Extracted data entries
[Start of Attachment]
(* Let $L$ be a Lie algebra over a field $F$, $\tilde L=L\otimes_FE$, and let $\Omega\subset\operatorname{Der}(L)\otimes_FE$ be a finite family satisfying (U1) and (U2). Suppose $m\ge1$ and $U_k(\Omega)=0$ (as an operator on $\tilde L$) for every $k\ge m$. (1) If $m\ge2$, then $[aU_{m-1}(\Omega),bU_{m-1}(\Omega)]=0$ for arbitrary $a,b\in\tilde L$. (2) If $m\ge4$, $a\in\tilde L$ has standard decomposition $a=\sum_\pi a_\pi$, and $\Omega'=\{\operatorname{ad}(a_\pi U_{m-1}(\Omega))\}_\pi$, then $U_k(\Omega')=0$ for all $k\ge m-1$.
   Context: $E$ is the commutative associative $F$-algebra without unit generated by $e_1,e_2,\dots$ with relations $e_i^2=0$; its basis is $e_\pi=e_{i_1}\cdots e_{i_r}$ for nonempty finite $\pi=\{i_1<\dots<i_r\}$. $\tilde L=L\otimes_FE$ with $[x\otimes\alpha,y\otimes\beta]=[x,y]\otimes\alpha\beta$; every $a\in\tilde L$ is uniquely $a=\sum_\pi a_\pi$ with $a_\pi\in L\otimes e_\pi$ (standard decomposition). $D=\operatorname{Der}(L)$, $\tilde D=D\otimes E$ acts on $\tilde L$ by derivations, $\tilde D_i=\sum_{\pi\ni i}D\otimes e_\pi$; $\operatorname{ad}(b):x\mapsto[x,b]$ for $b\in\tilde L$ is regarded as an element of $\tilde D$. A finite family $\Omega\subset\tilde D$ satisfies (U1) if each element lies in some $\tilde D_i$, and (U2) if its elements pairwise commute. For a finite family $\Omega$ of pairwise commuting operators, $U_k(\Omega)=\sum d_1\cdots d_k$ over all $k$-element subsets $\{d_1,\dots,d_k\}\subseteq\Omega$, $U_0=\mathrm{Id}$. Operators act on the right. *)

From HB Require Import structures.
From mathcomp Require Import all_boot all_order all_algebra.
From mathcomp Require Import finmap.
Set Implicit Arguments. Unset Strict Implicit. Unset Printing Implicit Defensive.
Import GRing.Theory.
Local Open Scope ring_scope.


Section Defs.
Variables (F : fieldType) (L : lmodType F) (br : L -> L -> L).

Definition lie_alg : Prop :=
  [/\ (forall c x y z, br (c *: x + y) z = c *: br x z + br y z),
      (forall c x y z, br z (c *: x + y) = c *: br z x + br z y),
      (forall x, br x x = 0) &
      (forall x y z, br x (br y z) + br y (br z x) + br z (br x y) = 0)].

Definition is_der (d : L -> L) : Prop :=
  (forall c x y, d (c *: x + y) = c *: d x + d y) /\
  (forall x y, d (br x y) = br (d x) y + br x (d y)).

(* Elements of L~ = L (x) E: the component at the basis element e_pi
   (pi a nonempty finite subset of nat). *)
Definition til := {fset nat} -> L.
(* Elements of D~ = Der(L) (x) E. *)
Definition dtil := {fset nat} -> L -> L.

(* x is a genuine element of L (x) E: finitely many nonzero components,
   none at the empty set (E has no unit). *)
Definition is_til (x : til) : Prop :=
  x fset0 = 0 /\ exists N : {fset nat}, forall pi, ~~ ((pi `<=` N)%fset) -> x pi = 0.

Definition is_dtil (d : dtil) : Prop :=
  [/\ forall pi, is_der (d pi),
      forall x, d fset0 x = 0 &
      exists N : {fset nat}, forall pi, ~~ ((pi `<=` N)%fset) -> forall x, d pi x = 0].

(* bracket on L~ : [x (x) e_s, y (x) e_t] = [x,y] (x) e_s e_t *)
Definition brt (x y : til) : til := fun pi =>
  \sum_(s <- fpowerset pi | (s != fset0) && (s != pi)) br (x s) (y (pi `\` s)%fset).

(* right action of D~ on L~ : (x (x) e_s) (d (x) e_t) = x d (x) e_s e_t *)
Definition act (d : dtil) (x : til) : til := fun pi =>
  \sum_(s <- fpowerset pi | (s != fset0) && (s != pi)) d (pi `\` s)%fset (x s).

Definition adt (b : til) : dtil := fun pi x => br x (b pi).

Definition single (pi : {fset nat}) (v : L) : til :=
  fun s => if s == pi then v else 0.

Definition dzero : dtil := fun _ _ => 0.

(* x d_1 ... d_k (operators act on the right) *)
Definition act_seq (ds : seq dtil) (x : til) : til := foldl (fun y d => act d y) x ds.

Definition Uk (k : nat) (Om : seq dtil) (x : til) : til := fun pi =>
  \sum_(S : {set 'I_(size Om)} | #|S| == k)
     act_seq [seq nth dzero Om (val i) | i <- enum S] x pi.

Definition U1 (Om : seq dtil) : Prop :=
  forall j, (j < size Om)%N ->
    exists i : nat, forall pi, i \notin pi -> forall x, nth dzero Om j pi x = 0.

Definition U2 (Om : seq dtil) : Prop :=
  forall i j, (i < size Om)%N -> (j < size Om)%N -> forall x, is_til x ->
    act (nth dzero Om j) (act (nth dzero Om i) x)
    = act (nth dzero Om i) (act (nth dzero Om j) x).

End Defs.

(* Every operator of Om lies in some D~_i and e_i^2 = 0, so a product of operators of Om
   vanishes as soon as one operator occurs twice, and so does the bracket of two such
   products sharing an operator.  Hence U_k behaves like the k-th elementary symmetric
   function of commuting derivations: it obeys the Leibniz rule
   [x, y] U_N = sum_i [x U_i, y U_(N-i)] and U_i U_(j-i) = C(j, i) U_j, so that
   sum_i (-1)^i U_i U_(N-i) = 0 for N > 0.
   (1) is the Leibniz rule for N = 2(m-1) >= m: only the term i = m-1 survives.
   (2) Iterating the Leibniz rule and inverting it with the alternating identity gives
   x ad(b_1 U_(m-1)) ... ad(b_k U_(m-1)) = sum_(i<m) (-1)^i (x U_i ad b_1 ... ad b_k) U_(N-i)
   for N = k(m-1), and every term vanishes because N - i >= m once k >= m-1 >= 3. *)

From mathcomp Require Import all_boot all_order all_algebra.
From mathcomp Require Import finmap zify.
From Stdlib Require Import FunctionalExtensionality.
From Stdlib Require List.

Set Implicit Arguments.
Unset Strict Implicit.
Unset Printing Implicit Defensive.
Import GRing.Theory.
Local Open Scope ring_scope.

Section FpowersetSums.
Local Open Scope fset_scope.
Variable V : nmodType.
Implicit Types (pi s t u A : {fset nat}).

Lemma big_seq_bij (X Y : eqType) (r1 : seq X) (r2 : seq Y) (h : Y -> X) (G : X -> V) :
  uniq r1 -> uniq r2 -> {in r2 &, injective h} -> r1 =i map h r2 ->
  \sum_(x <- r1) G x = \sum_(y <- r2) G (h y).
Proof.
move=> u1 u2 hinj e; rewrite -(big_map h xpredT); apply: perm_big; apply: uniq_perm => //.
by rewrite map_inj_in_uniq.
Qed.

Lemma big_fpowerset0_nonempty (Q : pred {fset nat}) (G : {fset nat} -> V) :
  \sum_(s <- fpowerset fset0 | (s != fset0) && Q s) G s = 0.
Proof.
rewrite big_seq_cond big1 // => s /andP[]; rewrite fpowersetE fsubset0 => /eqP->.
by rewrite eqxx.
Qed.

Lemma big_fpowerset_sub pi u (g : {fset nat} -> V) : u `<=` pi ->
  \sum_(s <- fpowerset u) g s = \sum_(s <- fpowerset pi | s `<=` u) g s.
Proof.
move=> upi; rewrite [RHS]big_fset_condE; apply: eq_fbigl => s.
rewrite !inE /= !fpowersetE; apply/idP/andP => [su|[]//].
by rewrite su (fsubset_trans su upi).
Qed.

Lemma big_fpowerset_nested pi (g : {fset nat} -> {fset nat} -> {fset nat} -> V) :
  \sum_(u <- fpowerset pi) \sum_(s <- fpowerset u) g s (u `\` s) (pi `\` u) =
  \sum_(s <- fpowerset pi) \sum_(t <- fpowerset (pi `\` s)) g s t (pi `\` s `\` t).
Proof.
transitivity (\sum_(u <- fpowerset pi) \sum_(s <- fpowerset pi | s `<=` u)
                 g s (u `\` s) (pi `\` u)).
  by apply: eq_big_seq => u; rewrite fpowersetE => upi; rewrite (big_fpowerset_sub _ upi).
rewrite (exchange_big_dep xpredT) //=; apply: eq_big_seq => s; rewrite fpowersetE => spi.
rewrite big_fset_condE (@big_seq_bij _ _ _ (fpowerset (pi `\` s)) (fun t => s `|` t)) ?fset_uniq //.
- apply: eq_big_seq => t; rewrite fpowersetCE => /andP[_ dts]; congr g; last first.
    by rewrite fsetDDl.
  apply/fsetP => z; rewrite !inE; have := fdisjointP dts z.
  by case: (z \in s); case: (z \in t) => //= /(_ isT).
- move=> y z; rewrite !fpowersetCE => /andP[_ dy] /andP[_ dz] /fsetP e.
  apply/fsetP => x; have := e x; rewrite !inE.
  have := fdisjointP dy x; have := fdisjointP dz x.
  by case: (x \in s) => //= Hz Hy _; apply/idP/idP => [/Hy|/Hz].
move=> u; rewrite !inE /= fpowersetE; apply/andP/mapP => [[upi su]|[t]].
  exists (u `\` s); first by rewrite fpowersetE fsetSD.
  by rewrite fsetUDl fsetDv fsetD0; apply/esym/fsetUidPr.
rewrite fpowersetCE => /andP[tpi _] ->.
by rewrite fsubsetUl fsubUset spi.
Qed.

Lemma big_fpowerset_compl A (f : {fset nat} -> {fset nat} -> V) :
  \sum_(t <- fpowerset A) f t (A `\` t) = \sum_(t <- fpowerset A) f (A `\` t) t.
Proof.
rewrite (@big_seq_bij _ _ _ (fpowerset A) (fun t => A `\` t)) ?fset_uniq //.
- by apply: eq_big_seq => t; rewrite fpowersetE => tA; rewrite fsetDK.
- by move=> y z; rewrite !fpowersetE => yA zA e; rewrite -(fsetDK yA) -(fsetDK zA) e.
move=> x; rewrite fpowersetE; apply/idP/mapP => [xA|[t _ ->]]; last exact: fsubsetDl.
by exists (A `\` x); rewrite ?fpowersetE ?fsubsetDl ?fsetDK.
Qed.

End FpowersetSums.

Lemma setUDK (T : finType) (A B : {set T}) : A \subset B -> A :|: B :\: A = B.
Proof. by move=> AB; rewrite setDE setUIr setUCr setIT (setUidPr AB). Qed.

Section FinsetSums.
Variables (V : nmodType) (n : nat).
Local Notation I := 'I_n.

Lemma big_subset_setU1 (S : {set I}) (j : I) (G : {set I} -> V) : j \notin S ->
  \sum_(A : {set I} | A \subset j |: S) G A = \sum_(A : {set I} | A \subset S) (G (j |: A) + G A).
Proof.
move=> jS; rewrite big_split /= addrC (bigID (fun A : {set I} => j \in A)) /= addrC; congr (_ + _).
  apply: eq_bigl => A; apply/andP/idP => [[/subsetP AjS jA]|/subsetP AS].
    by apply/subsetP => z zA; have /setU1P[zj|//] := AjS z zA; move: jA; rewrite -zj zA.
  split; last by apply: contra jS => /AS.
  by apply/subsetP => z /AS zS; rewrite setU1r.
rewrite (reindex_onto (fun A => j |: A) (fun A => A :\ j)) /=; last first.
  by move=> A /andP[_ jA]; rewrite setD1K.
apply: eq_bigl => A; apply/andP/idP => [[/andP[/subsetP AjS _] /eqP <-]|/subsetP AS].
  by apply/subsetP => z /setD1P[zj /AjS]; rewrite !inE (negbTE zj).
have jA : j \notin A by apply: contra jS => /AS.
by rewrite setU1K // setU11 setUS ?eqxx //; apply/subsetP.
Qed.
[End of Attachment]
Go through the entries above and report every line in which the word "term" appears.

   (1) is the Leibniz rule for N = 2(m-1) >= m: only the term i = m-1 survives.
   for N = k(m-1), and every term vanishes because N - i >= m once k >= m-1 >= 3. *)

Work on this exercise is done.